* [Task statement]:
With the material below, print exactly the lines between the line holding "(if (i == 0 :> nat)" and the line holding "Definition i1 : 'I_3 := inord 1.", inclusive. Add nothing else.

*** Records supplied Section Begins ***

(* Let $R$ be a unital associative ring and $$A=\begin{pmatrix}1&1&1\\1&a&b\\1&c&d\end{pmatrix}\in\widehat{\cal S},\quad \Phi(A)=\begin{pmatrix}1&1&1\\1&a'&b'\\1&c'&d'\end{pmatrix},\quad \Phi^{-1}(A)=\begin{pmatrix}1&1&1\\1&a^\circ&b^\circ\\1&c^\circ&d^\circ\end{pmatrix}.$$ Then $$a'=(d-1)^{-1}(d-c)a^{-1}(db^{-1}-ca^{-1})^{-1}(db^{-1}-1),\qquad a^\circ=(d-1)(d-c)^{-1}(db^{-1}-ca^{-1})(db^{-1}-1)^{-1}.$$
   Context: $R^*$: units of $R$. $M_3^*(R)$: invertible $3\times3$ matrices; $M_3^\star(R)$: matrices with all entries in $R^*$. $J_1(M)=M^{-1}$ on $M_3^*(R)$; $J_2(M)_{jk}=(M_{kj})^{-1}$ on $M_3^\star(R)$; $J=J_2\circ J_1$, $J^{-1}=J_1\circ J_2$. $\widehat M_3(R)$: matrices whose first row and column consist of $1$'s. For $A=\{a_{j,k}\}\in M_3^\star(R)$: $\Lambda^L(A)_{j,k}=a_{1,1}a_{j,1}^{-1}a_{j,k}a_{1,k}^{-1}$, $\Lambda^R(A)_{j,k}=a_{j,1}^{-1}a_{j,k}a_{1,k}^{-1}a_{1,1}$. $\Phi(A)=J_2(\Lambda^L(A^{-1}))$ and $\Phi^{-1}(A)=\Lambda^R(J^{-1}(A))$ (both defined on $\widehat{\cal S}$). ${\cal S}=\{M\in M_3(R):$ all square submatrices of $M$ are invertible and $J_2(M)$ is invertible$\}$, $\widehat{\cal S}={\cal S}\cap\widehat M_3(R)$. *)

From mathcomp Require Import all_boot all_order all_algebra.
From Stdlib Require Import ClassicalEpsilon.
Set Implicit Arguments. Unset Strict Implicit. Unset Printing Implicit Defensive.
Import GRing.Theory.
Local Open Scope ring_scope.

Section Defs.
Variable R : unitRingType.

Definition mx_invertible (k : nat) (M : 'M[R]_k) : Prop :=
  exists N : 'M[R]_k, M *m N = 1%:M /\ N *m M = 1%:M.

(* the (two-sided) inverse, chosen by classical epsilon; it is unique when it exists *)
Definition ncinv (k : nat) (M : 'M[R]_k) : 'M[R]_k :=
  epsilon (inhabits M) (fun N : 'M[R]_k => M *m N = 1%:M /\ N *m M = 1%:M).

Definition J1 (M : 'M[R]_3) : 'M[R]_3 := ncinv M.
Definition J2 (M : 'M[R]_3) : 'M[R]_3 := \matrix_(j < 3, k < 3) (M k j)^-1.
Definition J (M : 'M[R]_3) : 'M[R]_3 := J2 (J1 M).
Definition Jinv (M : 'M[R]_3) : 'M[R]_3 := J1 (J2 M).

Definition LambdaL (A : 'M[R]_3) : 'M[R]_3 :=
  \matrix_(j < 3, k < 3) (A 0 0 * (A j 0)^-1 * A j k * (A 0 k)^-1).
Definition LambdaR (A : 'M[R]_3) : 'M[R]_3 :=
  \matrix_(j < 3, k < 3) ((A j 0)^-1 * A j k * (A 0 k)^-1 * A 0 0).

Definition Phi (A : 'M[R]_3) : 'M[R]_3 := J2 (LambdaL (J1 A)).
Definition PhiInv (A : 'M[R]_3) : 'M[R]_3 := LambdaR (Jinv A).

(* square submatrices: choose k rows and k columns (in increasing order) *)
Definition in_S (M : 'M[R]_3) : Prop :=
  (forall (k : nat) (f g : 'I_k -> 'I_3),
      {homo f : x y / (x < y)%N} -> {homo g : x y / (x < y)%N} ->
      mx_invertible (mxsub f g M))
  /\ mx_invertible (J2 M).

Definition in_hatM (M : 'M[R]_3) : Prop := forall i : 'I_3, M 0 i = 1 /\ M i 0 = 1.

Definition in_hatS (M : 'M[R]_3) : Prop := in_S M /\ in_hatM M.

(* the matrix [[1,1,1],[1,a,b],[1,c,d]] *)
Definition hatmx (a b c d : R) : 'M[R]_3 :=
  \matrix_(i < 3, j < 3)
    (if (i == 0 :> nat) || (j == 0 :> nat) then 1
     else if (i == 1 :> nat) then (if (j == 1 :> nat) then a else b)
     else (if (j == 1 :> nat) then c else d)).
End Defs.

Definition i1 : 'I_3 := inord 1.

*** Records supplied Section Ends ***
*** Records supplied Section Begins ***

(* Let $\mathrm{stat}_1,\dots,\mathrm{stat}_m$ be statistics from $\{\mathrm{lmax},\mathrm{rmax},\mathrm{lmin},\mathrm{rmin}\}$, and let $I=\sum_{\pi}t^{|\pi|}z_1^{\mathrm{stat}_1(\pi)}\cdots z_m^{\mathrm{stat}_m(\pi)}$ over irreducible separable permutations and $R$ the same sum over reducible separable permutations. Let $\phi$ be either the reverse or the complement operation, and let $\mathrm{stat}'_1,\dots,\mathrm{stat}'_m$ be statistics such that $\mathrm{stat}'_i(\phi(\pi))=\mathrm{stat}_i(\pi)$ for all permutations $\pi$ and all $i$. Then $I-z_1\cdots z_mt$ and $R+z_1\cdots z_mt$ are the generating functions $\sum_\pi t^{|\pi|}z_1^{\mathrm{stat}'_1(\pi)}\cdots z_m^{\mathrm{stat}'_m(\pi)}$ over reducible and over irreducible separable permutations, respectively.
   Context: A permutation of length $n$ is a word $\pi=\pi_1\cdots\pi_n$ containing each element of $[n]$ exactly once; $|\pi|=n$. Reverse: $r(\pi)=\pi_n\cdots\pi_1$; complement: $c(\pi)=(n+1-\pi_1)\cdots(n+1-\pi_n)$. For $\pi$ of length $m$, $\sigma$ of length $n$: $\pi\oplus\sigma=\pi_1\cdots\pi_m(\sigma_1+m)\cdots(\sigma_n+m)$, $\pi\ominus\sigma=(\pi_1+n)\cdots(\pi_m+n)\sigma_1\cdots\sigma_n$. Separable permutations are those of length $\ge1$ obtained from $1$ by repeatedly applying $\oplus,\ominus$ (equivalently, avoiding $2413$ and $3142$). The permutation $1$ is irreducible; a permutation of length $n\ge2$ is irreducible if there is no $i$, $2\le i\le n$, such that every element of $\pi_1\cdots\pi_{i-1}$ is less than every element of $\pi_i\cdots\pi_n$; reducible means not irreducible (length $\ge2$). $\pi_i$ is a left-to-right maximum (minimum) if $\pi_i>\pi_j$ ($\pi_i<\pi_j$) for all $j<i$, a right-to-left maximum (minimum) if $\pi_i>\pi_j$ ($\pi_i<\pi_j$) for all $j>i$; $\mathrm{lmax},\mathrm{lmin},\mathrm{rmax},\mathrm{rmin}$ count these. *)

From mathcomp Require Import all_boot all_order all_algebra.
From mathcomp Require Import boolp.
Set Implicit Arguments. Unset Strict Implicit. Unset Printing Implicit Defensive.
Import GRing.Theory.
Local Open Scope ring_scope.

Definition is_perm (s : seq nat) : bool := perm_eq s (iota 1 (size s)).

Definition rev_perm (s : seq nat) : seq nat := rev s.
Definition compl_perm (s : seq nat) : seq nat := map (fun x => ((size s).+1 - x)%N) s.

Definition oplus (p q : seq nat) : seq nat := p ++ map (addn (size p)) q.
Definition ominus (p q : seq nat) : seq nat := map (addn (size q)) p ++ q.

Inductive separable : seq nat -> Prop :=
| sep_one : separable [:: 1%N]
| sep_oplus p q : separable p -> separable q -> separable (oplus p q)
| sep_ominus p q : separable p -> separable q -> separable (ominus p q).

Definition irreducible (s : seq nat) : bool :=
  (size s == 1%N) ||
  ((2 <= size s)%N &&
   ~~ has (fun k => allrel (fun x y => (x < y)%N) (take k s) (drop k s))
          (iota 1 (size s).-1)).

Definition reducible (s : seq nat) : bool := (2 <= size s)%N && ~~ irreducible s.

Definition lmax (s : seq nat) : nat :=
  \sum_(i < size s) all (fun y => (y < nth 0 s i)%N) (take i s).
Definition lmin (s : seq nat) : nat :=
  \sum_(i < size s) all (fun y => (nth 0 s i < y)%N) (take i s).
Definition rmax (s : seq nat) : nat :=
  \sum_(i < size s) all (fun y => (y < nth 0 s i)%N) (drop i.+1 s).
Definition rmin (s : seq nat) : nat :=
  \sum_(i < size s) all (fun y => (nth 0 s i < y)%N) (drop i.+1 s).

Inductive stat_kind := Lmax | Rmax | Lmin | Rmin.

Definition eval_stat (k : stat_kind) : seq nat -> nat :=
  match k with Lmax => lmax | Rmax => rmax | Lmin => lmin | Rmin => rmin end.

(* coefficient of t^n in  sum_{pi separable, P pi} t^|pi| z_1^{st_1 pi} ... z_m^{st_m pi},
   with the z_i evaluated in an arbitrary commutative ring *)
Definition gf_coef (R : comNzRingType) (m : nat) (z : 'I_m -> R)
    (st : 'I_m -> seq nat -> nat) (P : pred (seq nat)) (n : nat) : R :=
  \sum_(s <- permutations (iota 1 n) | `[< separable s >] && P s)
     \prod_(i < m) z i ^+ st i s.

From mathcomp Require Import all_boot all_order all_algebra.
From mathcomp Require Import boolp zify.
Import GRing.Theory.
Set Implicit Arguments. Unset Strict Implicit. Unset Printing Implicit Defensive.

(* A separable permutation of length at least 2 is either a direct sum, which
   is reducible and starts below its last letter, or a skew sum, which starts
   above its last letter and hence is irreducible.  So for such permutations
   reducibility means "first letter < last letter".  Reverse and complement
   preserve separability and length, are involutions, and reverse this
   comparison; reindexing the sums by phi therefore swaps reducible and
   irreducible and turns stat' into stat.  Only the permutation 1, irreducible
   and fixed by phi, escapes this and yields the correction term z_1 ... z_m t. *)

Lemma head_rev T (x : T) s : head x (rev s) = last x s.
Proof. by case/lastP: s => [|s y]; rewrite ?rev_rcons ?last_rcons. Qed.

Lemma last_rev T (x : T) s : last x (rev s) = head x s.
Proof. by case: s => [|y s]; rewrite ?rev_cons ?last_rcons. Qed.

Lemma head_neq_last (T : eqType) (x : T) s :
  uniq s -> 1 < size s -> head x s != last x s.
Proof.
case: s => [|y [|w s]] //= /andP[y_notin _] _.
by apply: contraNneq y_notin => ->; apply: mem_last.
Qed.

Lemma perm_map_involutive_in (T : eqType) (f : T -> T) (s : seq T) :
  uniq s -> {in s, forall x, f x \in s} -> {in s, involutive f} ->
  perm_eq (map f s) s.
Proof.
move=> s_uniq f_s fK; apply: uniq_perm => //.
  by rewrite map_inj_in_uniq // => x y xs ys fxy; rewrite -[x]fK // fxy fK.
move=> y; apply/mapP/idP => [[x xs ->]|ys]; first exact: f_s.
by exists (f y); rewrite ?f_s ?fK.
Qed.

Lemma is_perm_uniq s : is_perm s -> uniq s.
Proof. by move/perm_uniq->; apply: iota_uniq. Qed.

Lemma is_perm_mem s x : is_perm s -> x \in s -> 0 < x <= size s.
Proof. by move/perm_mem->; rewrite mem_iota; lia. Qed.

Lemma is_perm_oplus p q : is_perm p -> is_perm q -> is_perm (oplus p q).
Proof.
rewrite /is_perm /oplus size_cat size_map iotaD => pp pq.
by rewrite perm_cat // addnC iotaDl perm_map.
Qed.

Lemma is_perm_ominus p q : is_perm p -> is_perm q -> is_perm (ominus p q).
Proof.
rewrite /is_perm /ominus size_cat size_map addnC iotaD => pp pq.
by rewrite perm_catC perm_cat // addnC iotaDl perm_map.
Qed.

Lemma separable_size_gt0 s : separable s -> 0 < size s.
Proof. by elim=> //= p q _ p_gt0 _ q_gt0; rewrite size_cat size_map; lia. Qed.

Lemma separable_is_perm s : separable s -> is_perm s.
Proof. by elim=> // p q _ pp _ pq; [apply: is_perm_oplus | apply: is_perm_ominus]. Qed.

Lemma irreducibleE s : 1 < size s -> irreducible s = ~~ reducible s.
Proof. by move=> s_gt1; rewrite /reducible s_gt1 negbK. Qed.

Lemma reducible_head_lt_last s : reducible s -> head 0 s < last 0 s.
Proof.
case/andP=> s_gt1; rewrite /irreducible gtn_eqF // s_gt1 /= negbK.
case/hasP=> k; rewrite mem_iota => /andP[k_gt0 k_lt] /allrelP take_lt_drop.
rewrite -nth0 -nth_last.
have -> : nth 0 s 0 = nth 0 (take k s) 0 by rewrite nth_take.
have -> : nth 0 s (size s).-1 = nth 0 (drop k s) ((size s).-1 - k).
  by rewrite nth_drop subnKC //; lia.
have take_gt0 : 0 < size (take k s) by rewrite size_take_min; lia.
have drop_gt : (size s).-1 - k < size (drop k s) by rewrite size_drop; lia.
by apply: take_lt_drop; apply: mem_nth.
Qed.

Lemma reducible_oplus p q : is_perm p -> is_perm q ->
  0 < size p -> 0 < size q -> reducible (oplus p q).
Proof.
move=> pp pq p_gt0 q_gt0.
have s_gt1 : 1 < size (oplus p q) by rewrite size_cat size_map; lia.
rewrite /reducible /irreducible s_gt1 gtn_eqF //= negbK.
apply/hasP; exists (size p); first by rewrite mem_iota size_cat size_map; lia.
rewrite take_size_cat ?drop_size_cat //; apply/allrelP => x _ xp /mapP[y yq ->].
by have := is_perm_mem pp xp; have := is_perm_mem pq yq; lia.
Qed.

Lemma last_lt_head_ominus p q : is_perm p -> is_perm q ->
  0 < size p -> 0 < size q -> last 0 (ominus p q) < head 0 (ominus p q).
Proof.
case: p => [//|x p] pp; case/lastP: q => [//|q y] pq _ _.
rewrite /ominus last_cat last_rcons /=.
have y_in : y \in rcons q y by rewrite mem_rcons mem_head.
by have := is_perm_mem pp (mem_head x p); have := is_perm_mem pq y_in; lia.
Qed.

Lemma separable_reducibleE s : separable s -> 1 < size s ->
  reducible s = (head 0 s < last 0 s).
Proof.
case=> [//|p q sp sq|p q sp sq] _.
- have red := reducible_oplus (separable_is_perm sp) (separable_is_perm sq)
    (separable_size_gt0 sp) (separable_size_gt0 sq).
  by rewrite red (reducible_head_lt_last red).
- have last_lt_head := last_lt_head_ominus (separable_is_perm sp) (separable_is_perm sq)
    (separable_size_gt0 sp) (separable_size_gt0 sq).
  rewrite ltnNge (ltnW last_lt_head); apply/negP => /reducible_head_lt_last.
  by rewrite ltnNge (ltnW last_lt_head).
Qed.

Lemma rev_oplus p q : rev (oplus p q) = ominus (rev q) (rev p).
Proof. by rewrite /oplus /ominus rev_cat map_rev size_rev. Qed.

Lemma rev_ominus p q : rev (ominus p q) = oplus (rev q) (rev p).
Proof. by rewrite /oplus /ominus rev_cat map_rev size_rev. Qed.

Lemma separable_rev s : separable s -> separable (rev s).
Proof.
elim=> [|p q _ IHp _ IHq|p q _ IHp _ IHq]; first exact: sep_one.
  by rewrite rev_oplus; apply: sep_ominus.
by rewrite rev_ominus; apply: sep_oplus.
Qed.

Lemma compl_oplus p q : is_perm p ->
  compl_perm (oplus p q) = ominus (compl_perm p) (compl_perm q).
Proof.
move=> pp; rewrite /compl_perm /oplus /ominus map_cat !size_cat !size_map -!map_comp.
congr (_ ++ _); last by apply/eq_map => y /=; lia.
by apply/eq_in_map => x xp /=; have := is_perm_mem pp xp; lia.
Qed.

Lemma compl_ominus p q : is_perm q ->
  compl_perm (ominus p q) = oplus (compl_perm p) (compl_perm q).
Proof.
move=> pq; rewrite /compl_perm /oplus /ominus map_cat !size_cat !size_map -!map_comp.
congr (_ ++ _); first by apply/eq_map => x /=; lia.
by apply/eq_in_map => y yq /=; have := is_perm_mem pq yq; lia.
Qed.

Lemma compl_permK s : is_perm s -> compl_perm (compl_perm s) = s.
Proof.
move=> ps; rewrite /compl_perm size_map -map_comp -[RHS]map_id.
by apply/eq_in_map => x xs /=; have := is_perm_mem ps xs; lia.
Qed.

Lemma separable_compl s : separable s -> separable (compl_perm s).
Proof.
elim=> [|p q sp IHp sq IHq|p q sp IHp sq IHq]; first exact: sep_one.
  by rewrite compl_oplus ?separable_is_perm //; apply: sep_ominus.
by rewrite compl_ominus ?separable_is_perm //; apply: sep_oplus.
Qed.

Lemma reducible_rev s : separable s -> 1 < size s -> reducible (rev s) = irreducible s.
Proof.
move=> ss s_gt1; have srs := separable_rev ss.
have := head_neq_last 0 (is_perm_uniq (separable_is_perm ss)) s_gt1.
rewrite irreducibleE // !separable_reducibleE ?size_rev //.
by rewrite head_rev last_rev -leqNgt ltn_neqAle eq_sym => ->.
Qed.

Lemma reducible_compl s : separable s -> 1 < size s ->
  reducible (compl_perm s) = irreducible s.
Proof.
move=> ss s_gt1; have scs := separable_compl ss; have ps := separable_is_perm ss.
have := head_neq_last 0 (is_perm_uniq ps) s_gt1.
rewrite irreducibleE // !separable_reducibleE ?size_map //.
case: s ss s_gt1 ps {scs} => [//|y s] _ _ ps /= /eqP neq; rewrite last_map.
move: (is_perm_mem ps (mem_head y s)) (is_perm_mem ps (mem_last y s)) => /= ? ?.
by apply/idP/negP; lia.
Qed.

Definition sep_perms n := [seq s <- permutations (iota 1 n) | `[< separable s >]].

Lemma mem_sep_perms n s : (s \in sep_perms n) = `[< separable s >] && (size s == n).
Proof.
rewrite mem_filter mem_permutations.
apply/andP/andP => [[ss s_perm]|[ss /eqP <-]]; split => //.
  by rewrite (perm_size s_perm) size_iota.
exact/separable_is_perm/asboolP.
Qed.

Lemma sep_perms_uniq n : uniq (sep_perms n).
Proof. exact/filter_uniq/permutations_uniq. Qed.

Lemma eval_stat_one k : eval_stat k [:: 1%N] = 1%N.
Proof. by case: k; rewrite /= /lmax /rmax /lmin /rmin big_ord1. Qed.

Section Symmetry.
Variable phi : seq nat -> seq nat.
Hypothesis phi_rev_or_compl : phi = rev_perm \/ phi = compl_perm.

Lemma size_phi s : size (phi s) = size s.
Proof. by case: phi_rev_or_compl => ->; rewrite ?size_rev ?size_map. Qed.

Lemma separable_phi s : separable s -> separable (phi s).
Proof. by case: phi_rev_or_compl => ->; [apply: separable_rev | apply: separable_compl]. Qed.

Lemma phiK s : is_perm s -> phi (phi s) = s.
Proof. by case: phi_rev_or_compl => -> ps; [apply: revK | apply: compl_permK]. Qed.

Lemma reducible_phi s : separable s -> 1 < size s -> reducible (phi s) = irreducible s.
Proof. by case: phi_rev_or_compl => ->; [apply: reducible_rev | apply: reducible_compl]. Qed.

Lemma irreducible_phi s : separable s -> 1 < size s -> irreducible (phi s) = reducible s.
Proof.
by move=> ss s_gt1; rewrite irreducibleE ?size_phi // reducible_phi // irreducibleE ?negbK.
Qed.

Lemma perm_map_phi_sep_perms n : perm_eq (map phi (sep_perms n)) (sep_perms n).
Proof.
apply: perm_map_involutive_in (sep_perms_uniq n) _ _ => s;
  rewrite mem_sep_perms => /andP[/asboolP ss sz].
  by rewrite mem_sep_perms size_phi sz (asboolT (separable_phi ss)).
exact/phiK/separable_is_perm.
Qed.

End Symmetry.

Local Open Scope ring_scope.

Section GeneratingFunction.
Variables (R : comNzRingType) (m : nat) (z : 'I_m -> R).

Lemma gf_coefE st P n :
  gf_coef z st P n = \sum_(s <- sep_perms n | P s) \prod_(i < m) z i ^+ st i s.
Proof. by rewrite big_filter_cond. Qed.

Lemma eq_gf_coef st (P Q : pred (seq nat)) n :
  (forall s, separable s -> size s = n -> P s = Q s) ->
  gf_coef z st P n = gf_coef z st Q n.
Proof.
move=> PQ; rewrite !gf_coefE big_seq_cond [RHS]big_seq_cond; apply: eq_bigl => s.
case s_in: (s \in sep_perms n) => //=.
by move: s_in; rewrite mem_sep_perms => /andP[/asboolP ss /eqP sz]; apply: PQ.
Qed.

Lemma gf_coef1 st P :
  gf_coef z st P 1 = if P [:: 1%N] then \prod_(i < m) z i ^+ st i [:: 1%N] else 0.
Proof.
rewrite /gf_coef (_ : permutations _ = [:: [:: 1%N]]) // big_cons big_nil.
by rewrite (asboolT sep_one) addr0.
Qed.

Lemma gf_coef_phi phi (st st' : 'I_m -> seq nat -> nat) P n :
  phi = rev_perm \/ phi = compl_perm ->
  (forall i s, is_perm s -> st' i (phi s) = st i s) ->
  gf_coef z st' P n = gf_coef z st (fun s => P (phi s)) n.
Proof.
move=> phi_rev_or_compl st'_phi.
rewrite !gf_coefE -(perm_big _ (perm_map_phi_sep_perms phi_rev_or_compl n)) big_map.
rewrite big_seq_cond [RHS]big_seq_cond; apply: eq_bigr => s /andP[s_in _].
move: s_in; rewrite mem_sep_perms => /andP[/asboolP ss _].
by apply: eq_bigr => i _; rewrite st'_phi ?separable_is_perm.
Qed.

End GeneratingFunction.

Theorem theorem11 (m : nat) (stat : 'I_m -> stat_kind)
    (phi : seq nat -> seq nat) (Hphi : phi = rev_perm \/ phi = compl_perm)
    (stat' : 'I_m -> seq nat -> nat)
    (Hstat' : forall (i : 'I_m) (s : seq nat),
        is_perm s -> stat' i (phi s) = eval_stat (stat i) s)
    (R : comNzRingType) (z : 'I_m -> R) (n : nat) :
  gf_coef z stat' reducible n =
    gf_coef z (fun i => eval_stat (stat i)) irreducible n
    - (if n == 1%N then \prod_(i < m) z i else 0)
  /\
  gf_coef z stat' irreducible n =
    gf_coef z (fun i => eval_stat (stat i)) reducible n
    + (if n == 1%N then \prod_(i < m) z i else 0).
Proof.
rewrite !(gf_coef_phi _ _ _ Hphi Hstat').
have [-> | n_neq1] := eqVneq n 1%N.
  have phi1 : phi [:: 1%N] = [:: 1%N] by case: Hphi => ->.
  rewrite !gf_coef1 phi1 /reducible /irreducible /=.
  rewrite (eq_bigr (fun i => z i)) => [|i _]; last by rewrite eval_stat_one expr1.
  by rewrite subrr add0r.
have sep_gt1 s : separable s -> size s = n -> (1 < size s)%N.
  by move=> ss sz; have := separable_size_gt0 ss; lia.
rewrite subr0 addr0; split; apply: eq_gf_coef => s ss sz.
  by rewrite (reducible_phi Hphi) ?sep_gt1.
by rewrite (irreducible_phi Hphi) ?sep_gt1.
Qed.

*** Records supplied Section Ends ***

* [Task result]:
    (if (i == 0 :> nat) || (j == 0 :> nat) then 1
     else if (i == 1 :> nat) then (if (j == 1 :> nat) then a else b)
     else (if (j == 1 :> nat) then c else d)).
End Defs.

Definition i1 : 'I_3 := inord 1.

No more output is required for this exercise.